Conclusion: SBBP is a Buy at These Levels
The current macro and regulatory landscape in healthcare has created an opportunity for investors in select biotechnology companies. We view SBBP as a compelling buy given the unmet need in CS, valuation, and COR-003's clean efficacy and safety profile thus far demonstrated in the clinic and as a component of KTZ's trials. The market is not providing sufficient value to COR-003, which is (fortunately) common since late 2015. We thank the market for creating this inefficiency and opportunity to acquire SBBP at current levels.

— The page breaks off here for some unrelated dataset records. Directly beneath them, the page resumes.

(* Each interval of a laminar family owns an interior point lying in none of the
   intervals nested in it; these points are distinct and avoid the ends 0 and n - 1. *)
Section Laminar.
Variable F : {set {set 'I_n}}.
Hypothesis F_wide : forall c, c \in F -> exists x y, x.+1 < y /\ c = [set x; y].
Hypothesis F_laminar :
  forall c d, c \in F -> d \in F -> ~~ [&& lo c < lo d, lo d < hi c & hi c < hi d].

Lemma F_lo_hi c : c \in F -> (lo c).+1 < hi c < n.
Proof.
by move=> /F_wide[x [y [xy ->]]]; have [-> ->] := lo_hi_set2 (ltnW xy); rewrite xy ltn_ord.
Qed.

Lemma F_lo_hi_inj c d : c \in F -> d \in F -> lo c = lo d -> hi c = hi d -> c = d.
Proof.
move=> /F_wide[x [y [xy ->]]] /F_wide[x' [y' [xy' ->]]].
have [-> ->] := lo_hi_set2 (ltnW xy); have [-> ->] := lo_hi_set2 (ltnW xy').
by move=> /ord_inj-> /ord_inj->.
Qed.

Definition nested d c : bool := [&& d != c, lo c <= lo d & hi d <= hi c].

Definition private_point c (z : 'I_n) : bool :=
  (lo c < z < hi c) && [forall (d | d \in F), nested d c ==> ~~ (lo d < z < hi d)].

Disclosure: I am/we are long SBBP.
I wrote this article myself, and it expresses my own opinions. I am not receiving compensation for it (other than from Seeking Alpha). I have no business relationship with any company whose stock is mentioned in this article.
Additional disclosure: Juggernaut Capital is not a registered investment advisor and does not provide investment advice. Our views are for educational purposes only.